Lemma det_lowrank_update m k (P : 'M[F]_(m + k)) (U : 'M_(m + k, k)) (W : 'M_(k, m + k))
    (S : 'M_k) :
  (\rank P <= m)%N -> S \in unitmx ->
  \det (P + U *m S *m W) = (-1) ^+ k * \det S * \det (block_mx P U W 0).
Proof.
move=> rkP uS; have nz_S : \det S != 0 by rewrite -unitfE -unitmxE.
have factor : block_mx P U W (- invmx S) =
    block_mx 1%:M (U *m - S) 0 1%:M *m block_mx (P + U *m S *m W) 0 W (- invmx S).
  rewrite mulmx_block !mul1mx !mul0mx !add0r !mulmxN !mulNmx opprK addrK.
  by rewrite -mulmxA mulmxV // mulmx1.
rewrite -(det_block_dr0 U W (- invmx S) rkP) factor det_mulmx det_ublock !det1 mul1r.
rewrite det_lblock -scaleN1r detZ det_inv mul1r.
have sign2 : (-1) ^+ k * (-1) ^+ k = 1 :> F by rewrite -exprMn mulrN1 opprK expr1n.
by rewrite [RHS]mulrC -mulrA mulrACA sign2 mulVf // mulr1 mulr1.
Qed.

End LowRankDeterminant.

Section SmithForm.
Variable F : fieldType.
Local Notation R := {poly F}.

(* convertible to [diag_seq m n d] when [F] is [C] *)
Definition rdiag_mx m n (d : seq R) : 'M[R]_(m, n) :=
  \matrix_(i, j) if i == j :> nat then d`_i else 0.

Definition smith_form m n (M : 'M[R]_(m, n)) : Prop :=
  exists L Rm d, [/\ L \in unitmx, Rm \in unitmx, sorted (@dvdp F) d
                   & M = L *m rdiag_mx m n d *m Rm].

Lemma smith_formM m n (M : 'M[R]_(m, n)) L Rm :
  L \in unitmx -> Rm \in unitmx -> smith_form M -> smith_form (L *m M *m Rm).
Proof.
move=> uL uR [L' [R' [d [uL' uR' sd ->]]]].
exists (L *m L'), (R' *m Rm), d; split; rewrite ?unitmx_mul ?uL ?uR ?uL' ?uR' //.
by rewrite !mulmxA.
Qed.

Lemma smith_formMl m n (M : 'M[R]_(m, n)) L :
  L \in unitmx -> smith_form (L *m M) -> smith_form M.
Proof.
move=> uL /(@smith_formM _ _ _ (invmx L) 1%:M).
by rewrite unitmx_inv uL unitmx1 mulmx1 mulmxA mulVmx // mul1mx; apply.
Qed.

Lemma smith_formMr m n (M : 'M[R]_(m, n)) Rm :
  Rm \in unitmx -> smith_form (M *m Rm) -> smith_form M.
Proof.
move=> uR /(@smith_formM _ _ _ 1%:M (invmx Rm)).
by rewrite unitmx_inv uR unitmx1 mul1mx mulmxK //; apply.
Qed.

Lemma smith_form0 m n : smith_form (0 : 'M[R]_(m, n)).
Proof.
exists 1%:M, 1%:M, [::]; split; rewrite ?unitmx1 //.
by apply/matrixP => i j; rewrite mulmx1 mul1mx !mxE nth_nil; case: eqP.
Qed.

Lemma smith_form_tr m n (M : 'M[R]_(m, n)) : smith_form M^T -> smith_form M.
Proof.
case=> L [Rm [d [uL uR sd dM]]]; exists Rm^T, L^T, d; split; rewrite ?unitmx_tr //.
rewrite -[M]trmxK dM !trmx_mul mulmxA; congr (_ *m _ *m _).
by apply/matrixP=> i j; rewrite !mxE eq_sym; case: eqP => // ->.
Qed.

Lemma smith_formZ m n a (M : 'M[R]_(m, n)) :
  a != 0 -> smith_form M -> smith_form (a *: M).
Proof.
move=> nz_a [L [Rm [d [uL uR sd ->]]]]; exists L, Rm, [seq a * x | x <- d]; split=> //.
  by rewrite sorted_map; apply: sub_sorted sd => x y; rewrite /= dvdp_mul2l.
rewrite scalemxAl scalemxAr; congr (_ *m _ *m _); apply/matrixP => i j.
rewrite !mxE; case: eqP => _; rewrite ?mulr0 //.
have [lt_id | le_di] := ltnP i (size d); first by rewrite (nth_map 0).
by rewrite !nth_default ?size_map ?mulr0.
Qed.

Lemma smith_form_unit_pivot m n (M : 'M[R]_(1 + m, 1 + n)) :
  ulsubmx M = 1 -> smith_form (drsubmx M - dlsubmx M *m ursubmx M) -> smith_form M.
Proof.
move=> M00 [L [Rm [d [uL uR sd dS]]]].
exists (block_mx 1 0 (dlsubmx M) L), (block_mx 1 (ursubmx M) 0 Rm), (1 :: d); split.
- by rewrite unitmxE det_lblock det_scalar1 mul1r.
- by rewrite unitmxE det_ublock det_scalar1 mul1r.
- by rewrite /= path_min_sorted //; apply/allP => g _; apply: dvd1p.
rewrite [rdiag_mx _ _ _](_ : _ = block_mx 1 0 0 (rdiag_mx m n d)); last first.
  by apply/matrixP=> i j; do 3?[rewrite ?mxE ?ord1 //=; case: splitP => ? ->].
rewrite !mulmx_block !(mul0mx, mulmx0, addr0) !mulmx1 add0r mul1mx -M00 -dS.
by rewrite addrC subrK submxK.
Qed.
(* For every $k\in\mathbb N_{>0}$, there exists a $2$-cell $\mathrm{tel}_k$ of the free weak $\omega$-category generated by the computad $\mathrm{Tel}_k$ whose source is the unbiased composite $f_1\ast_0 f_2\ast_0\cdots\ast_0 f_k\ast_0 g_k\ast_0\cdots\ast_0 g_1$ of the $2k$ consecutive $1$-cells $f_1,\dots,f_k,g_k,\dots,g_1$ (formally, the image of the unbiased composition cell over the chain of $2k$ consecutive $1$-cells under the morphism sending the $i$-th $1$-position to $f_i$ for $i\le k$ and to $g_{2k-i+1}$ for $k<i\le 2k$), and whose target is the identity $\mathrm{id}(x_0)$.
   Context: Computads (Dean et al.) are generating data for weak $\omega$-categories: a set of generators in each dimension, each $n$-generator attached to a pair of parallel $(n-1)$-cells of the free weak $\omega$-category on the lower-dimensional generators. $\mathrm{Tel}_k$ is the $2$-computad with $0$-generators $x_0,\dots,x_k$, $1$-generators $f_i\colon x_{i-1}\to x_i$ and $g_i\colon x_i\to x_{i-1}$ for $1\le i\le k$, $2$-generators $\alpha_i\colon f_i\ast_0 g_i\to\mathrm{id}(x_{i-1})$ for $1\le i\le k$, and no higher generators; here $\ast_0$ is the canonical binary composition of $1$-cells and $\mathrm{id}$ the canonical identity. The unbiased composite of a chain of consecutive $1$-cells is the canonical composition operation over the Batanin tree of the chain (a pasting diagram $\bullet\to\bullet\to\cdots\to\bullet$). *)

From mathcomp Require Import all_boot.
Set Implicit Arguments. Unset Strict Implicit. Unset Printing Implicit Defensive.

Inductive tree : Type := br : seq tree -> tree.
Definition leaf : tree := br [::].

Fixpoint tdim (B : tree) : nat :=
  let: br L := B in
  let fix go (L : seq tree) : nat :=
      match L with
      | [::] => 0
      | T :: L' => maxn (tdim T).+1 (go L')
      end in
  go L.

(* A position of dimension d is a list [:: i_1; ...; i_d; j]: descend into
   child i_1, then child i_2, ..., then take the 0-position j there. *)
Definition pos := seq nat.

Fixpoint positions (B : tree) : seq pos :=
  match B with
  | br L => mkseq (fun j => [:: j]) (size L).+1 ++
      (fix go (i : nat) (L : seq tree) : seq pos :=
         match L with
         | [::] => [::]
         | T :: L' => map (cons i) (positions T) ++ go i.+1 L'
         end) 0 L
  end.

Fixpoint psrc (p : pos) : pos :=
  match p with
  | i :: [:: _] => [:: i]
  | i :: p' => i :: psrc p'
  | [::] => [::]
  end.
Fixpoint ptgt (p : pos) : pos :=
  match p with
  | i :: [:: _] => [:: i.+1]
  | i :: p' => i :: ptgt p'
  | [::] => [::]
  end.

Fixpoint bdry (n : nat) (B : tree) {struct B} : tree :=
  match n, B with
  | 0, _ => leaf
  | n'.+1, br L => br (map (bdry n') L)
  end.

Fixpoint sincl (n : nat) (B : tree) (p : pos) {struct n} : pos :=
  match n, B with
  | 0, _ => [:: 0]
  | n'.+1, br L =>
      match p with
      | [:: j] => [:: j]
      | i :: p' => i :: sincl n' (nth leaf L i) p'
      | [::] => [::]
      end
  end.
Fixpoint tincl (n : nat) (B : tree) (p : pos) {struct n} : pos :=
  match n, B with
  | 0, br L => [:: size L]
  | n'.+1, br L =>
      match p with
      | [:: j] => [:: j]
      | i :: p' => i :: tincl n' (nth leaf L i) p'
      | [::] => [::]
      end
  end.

---

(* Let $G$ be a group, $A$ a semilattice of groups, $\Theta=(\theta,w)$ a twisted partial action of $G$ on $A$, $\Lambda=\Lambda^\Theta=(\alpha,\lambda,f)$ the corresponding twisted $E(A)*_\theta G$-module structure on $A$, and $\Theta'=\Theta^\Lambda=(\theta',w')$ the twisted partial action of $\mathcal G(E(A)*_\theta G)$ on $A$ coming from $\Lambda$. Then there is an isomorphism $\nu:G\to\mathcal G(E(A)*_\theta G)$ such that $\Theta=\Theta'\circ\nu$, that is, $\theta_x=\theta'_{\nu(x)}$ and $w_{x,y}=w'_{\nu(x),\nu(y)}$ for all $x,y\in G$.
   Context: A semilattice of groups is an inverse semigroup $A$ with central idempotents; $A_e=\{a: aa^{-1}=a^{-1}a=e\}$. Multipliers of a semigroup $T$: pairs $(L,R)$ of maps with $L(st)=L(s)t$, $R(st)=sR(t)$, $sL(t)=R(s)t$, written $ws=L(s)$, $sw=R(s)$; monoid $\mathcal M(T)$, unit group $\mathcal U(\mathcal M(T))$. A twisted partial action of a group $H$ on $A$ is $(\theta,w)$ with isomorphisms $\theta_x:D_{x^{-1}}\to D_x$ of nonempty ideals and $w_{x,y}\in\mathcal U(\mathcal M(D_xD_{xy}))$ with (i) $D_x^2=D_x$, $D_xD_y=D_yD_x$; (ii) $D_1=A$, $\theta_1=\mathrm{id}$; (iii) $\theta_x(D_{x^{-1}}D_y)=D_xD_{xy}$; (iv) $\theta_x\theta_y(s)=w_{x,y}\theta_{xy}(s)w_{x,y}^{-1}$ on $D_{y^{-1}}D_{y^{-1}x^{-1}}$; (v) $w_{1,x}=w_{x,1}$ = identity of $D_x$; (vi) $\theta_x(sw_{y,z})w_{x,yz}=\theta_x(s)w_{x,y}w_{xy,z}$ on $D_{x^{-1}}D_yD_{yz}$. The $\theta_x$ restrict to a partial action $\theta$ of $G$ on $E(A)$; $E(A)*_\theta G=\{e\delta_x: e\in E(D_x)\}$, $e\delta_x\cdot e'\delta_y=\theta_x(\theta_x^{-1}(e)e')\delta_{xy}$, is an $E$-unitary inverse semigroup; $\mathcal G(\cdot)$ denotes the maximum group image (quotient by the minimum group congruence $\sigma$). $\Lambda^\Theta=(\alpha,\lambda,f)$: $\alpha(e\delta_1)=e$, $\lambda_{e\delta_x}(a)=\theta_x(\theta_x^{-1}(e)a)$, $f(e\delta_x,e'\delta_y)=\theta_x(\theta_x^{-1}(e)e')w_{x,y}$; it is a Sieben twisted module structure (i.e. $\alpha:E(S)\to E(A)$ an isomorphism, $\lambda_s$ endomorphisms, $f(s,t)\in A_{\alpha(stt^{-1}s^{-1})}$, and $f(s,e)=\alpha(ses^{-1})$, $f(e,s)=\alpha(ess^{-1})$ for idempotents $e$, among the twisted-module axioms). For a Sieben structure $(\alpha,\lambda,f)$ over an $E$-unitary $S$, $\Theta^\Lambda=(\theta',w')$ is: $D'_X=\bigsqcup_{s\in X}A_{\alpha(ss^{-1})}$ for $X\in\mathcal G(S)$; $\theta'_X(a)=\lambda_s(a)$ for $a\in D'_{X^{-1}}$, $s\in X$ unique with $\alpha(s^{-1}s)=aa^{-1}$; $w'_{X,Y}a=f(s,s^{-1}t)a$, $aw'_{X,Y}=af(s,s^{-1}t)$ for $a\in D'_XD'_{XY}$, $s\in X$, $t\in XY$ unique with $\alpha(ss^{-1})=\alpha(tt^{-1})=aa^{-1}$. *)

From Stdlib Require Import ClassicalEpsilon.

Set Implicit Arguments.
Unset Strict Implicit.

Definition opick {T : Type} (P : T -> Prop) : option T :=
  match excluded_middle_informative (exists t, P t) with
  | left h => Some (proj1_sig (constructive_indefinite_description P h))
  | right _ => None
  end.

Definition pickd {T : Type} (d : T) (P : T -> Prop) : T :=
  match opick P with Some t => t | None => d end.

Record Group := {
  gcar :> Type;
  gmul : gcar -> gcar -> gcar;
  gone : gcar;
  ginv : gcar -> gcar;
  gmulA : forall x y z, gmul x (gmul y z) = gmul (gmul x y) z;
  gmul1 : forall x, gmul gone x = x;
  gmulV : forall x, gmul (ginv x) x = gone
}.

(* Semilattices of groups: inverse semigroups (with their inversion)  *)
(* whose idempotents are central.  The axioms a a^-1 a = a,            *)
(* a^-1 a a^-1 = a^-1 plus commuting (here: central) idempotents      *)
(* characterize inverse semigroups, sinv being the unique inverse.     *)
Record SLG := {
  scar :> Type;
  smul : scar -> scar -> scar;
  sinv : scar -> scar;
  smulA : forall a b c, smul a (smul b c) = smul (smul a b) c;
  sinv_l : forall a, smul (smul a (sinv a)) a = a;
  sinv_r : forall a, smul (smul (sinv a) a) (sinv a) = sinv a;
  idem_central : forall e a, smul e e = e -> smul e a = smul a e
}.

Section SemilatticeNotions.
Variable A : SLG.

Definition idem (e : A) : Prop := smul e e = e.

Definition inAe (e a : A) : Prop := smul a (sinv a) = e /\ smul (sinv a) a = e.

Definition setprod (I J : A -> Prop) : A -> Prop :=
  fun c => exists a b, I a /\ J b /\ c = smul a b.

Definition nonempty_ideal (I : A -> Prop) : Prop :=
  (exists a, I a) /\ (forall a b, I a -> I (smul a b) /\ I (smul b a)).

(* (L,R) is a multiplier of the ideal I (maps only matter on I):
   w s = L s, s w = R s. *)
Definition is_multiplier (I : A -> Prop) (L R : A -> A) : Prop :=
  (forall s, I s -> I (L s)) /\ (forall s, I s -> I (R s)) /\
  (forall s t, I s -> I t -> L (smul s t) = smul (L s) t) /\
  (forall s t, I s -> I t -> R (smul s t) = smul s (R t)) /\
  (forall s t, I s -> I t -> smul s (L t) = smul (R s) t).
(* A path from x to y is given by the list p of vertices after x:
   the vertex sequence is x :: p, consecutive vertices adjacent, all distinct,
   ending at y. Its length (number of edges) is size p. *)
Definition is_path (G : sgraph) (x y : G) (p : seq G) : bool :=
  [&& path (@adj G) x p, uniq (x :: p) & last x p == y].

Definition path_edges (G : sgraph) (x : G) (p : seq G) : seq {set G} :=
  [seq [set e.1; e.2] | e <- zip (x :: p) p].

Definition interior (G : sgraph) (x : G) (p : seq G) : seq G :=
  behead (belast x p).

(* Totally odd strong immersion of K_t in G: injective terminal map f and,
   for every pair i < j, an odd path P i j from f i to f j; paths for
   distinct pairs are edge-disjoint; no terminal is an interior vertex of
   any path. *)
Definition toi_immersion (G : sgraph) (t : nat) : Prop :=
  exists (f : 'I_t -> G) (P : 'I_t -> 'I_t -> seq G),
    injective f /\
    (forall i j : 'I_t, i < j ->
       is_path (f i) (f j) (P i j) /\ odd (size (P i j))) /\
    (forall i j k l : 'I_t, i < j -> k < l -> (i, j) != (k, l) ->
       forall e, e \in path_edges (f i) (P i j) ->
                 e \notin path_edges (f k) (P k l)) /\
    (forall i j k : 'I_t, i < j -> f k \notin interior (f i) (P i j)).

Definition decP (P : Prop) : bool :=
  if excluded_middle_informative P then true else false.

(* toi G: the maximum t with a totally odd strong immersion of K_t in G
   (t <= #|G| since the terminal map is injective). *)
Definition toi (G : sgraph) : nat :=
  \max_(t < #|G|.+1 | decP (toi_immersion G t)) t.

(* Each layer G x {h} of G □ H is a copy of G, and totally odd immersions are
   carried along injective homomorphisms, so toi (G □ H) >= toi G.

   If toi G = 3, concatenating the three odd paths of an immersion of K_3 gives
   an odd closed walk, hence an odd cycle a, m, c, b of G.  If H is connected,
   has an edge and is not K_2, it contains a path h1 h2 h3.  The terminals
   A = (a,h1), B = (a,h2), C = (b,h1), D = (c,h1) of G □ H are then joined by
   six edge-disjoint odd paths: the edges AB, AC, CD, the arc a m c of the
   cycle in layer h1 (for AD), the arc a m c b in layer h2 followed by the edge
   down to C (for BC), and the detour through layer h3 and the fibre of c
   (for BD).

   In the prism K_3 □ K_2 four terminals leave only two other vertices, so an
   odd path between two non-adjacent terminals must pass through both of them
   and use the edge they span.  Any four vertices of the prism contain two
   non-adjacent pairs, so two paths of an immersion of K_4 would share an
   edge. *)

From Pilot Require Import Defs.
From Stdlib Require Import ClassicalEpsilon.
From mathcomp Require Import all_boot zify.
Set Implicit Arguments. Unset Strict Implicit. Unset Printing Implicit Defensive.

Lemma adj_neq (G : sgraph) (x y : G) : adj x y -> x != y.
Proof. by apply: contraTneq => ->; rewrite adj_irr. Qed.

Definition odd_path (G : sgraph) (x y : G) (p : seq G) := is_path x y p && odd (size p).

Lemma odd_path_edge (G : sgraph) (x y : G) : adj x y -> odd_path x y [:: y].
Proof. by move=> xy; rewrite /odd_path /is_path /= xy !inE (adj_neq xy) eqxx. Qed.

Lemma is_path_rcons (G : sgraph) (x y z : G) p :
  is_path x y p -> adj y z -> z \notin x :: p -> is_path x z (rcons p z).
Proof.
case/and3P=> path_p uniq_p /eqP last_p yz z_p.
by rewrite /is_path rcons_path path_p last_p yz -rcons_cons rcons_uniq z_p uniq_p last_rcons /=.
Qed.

* * *

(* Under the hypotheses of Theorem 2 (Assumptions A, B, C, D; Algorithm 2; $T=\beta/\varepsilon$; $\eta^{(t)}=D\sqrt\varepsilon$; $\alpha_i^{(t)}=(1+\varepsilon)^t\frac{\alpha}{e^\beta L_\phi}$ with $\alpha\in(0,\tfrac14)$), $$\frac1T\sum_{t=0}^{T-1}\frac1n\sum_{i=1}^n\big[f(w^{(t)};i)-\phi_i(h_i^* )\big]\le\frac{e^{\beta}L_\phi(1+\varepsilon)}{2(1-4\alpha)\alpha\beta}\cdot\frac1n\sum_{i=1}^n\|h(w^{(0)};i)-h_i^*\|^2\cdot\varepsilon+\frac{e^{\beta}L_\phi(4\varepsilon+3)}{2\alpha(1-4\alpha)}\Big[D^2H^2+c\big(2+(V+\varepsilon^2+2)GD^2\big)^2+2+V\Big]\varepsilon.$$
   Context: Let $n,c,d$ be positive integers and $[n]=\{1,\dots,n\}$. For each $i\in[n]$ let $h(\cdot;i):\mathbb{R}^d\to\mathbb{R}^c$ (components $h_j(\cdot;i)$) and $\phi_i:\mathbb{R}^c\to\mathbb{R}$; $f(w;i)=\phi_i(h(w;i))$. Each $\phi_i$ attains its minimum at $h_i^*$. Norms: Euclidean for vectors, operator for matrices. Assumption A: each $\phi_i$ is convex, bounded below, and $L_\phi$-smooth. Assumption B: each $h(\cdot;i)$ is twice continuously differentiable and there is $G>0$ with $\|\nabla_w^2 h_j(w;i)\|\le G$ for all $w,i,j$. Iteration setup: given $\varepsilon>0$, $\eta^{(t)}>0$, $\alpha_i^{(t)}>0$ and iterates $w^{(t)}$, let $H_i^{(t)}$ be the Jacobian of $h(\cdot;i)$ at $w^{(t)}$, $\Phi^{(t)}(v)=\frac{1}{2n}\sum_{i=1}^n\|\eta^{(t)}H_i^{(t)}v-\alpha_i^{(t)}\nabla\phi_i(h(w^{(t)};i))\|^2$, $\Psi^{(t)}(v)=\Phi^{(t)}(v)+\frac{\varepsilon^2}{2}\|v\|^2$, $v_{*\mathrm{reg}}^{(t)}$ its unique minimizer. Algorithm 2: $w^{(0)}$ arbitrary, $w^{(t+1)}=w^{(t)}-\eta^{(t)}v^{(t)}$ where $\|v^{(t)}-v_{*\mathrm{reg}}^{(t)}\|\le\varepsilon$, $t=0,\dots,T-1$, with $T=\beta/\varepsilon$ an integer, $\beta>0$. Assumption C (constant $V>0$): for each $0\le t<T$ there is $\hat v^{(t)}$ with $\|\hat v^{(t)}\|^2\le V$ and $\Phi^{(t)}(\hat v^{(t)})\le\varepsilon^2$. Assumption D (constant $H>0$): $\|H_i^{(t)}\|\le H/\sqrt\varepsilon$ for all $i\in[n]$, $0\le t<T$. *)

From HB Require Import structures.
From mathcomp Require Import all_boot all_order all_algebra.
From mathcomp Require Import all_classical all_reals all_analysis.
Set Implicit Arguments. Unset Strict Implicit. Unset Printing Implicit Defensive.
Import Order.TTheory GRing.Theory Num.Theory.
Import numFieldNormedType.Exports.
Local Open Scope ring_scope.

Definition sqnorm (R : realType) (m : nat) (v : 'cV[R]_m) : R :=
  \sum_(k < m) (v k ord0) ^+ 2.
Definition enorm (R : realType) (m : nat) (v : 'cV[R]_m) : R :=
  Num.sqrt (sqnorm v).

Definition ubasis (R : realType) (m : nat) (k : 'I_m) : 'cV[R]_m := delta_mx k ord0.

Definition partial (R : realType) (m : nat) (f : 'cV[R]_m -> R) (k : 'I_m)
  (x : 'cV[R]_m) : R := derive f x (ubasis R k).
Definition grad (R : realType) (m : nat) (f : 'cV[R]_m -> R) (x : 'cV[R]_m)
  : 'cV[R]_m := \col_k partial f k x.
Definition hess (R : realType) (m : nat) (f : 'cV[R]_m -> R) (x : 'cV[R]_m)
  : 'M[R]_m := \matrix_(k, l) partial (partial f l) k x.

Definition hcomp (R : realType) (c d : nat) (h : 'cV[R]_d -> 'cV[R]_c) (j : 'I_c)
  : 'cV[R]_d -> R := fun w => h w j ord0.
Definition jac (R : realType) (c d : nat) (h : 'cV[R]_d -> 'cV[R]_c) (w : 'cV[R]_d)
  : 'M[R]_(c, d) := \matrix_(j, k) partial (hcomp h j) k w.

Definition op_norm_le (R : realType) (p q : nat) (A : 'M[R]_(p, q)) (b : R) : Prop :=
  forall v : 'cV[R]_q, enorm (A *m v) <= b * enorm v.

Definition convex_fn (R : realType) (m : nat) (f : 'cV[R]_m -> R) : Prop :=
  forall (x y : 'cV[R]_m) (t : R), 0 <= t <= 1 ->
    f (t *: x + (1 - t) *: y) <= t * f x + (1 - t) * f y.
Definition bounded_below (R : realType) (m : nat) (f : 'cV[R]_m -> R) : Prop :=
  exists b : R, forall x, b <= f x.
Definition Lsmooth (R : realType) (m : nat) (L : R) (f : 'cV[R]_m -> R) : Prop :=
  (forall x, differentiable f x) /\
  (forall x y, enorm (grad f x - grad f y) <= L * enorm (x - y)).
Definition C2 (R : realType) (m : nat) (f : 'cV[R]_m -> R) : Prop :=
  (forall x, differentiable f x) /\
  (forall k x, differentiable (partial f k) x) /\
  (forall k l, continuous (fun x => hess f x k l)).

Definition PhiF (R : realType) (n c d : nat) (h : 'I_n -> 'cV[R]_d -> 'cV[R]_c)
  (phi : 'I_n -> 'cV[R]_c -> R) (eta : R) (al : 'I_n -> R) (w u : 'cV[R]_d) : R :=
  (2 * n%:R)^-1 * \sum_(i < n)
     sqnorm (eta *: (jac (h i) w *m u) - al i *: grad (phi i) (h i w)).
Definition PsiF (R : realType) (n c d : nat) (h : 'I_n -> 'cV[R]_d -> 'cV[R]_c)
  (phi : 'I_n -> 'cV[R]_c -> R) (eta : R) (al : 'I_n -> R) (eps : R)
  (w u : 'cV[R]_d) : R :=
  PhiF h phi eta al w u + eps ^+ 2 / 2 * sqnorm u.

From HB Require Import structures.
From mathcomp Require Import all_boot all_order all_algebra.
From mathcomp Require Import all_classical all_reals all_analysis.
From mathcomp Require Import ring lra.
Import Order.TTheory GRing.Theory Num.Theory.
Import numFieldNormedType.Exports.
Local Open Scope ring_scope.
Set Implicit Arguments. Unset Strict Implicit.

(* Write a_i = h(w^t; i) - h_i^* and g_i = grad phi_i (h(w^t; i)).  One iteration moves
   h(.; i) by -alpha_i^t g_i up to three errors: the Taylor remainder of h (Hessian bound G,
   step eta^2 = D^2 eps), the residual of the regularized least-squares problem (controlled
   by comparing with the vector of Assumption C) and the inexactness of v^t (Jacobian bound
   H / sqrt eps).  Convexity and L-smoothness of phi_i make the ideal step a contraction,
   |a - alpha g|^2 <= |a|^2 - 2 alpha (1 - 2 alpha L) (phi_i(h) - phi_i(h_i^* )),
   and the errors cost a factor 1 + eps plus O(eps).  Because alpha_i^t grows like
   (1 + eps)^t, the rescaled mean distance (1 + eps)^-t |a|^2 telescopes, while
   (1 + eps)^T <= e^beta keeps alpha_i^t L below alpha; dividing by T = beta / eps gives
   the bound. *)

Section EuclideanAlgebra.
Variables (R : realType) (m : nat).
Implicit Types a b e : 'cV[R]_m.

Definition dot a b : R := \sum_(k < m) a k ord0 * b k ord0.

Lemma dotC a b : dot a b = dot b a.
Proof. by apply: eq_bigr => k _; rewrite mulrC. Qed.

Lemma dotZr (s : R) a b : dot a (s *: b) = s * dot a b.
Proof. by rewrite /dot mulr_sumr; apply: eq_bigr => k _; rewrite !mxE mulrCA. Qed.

### YOUR OBJECTIVE
From the listing above, the lines starting with the one that has "by rewrite !nth_default ?size_map ?mulr0." and running through the one that has "- by rewrite unitmxE det_ublock" should be copied exactly, ends included.

### RESULT
by rewrite !nth_default ?size_map ?mulr0.
Qed.

Lemma smith_form_unit_pivot m n (M : 'M[R]_(1 + m, 1 + n)) :
  ulsubmx M = 1 -> smith_form (drsubmx M - dlsubmx M *m ursubmx M) -> smith_form M.
Proof.
move=> M00 [L [Rm [d [uL uR sd dS]]]].
exists (block_mx 1 0 (dlsubmx M) L), (block_mx 1 (ursubmx M) 0 Rm), (1 :: d); split.
- by rewrite unitmxE det_lblock det_scalar1 mul1r.
- by rewrite unitmxE det_ublock det_scalar1 mul1r.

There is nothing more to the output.